■ Material for this exercise ■
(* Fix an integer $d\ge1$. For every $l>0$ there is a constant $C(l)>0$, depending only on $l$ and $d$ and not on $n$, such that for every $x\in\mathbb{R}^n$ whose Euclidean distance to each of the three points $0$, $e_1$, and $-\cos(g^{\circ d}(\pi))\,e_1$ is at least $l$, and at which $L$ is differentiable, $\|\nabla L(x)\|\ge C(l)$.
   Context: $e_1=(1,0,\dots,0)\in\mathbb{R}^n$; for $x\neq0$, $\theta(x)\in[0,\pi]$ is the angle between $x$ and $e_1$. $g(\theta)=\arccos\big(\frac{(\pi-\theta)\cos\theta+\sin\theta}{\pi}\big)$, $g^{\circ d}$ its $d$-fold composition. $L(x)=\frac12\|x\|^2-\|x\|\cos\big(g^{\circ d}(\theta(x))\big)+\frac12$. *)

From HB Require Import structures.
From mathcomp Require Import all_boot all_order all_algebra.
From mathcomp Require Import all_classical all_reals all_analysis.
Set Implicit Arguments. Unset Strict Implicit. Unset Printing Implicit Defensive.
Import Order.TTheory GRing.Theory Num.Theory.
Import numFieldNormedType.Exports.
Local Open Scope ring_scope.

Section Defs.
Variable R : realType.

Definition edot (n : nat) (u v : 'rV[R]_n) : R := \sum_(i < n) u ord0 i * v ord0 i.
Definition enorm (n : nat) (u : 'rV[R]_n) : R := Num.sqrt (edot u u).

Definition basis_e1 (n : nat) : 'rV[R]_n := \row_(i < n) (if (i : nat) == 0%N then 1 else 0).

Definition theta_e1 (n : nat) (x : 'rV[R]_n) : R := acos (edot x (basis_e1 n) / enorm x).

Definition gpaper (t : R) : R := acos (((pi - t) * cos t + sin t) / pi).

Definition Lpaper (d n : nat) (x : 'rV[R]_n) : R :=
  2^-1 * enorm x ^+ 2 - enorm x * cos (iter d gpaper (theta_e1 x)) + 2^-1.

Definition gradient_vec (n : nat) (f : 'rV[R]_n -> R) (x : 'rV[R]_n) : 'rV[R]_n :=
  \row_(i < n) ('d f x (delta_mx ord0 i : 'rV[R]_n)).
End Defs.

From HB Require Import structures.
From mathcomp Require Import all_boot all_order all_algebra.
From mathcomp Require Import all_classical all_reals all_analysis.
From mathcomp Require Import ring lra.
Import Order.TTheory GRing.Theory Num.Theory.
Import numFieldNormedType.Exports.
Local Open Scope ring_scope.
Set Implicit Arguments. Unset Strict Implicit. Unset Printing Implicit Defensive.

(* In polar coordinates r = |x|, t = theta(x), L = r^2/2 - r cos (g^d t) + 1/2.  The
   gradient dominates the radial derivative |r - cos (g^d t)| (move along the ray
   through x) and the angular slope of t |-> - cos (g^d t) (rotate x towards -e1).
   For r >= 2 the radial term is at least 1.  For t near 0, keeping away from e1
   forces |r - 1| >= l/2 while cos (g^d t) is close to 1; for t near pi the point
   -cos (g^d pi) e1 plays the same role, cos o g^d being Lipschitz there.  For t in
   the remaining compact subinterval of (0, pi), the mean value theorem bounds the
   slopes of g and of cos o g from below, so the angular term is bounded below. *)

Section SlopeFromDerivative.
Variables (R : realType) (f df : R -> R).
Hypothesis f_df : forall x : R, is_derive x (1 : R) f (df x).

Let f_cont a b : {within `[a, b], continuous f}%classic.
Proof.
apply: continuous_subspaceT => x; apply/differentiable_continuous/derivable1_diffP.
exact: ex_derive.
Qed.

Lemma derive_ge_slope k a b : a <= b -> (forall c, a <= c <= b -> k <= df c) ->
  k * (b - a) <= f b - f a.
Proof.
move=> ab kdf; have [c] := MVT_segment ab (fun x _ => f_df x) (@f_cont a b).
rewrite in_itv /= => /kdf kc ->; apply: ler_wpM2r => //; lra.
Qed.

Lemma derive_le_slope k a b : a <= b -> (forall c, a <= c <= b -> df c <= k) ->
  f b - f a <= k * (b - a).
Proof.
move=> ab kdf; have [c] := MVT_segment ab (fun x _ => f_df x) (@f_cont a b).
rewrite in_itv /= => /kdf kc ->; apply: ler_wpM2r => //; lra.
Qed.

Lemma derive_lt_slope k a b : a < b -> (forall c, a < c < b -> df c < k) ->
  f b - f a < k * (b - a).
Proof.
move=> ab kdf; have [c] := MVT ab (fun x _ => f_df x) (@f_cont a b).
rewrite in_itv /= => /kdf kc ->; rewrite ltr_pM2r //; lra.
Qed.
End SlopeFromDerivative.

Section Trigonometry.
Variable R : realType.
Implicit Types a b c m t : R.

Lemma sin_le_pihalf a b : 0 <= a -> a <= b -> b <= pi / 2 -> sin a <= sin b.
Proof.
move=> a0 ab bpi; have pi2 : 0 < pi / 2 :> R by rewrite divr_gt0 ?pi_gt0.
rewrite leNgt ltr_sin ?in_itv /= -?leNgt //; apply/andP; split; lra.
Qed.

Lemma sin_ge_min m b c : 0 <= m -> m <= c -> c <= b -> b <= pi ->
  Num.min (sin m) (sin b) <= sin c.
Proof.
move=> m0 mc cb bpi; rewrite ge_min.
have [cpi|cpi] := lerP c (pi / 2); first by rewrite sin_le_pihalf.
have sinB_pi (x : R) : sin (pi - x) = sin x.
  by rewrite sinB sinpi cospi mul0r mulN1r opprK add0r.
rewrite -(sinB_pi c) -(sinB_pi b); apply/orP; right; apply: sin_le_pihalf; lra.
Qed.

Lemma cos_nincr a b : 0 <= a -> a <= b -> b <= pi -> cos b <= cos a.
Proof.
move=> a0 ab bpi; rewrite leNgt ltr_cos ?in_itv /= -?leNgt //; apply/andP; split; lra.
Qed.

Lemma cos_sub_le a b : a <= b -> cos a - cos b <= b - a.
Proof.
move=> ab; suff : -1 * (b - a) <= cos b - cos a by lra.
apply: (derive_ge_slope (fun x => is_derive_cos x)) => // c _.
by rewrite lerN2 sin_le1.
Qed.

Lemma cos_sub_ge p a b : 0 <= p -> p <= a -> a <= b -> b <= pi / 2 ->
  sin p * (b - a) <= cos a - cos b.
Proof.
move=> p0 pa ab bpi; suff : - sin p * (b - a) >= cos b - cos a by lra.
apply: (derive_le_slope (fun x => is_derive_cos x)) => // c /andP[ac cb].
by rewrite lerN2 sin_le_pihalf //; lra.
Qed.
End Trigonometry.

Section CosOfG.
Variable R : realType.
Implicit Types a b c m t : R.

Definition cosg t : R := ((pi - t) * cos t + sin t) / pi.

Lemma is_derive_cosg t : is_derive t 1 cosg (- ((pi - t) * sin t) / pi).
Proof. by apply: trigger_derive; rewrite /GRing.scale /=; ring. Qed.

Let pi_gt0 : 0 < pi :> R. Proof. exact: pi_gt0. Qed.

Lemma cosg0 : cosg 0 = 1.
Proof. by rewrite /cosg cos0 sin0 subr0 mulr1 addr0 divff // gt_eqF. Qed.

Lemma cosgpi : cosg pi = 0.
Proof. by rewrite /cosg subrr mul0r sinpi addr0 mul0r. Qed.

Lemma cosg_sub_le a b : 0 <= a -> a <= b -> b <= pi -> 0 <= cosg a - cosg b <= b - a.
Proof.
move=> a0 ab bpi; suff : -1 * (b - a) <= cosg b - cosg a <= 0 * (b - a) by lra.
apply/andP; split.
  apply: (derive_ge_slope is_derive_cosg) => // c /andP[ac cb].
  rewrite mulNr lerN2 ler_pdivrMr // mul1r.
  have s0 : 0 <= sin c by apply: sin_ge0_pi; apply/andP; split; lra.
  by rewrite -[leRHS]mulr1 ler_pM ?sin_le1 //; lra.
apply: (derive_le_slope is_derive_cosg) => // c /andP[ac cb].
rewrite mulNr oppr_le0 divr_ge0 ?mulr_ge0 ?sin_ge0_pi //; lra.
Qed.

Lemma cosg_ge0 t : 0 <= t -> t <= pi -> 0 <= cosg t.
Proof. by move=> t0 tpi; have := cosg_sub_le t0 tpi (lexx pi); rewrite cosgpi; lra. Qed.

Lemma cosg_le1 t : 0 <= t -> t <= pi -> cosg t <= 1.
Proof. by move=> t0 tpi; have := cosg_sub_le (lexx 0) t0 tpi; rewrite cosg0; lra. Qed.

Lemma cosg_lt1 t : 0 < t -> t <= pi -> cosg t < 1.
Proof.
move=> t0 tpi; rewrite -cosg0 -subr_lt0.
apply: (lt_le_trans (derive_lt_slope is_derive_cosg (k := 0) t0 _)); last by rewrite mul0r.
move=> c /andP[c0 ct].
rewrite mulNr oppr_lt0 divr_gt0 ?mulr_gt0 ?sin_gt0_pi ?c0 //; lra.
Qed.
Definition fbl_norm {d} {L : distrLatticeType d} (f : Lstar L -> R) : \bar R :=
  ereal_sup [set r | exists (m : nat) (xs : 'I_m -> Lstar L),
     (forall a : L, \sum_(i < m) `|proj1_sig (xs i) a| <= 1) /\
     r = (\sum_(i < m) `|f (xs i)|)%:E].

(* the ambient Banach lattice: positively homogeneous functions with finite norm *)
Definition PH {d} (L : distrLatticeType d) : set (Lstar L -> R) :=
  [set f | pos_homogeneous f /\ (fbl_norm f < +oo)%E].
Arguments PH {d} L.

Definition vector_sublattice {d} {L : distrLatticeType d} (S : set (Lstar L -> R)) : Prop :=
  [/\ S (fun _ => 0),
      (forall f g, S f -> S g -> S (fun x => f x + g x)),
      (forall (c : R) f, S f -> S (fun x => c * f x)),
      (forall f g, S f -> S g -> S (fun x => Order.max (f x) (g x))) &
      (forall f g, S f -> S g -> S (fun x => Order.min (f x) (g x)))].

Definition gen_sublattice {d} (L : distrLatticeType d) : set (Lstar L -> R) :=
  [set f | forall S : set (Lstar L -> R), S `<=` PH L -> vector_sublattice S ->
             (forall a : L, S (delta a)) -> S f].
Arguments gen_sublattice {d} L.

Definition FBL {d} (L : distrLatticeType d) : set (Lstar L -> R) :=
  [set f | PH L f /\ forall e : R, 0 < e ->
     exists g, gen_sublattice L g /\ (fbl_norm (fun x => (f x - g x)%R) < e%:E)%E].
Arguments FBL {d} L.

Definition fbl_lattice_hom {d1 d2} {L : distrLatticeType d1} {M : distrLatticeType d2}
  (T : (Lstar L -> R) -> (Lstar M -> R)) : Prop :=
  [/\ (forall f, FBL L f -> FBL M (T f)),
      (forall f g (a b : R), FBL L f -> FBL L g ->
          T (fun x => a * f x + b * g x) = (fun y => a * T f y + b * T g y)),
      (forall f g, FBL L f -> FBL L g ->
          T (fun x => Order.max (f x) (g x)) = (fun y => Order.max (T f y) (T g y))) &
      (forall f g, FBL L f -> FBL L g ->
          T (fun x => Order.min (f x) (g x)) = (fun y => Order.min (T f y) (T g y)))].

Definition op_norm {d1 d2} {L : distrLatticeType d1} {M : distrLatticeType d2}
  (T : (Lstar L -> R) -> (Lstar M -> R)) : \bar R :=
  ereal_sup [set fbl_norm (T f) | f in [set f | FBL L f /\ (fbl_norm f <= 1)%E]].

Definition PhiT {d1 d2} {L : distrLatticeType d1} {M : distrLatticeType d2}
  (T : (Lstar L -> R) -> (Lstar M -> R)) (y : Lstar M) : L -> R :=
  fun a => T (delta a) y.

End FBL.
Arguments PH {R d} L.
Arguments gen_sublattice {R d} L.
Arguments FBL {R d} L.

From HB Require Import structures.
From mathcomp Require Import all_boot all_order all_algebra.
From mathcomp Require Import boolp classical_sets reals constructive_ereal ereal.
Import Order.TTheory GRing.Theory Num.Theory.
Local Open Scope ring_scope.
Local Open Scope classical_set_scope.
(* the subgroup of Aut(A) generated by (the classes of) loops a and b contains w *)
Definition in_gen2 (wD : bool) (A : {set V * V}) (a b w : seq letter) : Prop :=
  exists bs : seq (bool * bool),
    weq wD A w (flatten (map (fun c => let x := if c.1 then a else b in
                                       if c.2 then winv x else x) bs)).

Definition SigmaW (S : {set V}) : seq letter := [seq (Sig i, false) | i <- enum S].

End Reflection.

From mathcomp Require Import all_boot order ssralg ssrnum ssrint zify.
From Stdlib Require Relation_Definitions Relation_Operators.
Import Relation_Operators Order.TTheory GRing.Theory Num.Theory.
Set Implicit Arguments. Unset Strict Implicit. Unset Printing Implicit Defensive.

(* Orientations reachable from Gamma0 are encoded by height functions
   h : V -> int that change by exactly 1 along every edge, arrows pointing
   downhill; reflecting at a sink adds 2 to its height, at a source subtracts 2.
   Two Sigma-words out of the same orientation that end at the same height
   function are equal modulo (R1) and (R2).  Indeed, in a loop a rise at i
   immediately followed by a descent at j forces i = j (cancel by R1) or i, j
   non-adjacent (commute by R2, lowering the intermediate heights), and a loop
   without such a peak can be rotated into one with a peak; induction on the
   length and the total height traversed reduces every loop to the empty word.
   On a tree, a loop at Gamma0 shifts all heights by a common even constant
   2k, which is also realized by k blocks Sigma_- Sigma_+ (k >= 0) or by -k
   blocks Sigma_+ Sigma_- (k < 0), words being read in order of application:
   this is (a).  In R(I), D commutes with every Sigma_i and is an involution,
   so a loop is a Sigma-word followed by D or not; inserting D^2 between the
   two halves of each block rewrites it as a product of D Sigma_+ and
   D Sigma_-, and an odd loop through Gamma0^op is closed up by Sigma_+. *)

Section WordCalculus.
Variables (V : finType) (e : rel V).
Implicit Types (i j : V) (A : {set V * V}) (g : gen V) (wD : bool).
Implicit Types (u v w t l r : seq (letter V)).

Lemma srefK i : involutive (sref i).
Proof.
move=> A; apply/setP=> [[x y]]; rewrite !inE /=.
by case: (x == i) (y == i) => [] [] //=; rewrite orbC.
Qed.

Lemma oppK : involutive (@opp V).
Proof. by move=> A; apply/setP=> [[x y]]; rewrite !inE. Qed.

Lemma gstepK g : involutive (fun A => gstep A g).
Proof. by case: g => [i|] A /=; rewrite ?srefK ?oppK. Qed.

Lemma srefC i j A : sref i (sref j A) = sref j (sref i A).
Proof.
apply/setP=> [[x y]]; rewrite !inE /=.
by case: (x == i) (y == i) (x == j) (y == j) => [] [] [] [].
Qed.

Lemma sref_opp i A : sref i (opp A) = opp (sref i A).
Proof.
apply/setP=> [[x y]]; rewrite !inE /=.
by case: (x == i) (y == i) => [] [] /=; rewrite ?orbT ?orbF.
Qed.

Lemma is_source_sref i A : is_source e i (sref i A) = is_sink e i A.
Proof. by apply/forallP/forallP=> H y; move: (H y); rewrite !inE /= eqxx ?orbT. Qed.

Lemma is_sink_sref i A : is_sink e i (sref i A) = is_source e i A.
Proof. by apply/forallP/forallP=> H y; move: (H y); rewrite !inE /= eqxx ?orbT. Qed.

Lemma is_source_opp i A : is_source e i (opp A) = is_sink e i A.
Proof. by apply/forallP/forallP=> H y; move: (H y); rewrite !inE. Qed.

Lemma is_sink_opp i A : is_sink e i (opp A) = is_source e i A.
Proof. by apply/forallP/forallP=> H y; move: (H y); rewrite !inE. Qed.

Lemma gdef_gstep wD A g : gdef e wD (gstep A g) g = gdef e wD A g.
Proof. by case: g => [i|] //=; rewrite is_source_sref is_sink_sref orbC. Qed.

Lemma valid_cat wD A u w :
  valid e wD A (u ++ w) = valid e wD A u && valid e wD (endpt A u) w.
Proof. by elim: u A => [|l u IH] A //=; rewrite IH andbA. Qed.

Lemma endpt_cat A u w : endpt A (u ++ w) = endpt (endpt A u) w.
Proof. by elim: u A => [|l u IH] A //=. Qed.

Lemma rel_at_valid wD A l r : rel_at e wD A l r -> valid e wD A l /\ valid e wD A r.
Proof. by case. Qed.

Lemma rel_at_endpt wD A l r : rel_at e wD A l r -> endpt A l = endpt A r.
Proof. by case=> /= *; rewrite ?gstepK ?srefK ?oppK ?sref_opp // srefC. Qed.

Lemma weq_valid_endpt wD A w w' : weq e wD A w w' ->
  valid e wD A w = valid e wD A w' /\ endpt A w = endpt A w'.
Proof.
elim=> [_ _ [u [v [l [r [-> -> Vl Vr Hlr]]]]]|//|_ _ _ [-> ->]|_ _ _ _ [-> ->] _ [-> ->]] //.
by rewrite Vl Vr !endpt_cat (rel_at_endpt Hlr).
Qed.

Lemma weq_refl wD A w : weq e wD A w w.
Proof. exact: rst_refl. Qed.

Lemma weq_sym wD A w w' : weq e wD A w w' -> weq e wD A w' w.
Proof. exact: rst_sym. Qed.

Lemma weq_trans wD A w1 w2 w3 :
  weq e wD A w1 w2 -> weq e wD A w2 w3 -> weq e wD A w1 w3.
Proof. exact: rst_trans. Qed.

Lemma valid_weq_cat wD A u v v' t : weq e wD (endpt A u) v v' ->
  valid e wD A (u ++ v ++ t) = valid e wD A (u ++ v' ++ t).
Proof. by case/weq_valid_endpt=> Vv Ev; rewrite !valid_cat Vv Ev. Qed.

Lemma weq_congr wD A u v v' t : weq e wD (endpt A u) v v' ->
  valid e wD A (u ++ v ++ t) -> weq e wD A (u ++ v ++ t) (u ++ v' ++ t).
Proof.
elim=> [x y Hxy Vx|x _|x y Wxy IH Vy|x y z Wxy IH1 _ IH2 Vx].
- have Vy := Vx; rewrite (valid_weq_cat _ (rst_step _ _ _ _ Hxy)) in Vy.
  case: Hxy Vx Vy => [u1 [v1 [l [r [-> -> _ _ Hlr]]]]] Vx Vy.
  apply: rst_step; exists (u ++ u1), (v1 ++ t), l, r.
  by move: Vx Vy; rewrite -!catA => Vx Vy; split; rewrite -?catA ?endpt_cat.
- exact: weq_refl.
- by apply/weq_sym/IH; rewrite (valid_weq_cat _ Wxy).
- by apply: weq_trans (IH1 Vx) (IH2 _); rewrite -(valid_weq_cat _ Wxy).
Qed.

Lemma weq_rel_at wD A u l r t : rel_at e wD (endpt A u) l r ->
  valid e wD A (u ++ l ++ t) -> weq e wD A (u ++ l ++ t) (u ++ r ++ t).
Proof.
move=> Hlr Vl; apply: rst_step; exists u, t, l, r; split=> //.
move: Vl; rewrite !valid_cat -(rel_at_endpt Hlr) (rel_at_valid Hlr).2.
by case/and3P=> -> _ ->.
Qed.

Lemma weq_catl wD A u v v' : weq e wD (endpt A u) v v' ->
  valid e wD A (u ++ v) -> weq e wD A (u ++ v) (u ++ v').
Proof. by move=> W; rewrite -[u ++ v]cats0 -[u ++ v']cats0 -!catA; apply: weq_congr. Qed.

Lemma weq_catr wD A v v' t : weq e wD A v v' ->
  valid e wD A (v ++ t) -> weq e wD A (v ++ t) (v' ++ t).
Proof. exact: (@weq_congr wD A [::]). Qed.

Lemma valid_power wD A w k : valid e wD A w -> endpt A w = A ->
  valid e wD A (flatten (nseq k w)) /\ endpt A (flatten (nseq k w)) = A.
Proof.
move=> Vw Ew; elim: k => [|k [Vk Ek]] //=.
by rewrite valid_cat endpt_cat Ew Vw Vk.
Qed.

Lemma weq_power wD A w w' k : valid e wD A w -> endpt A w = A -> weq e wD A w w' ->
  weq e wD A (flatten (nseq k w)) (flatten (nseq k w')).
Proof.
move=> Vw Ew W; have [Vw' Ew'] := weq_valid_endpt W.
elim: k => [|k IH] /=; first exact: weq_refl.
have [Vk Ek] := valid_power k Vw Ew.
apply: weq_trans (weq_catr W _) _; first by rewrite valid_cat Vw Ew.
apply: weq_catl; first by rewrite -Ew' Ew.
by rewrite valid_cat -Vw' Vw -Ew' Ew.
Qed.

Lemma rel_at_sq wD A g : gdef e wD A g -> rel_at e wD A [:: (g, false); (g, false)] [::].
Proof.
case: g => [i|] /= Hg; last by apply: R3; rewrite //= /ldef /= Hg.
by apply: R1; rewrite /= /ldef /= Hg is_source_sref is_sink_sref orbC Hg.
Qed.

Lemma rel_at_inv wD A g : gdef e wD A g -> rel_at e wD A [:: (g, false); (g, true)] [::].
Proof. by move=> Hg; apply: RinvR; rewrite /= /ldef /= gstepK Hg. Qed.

■ About this task ■
When a line of the data holds the string "srefK", pick it out and copy it.

■ Response to this exercise ■
Lemma srefK i : involutive (sref i).
Proof. by case: g => [i|] A /=; rewrite ?srefK ?oppK. Qed.
Proof. by case=> /= *; rewrite ?gstepK ?srefK ?oppK ?sref_opp // srefC. Qed.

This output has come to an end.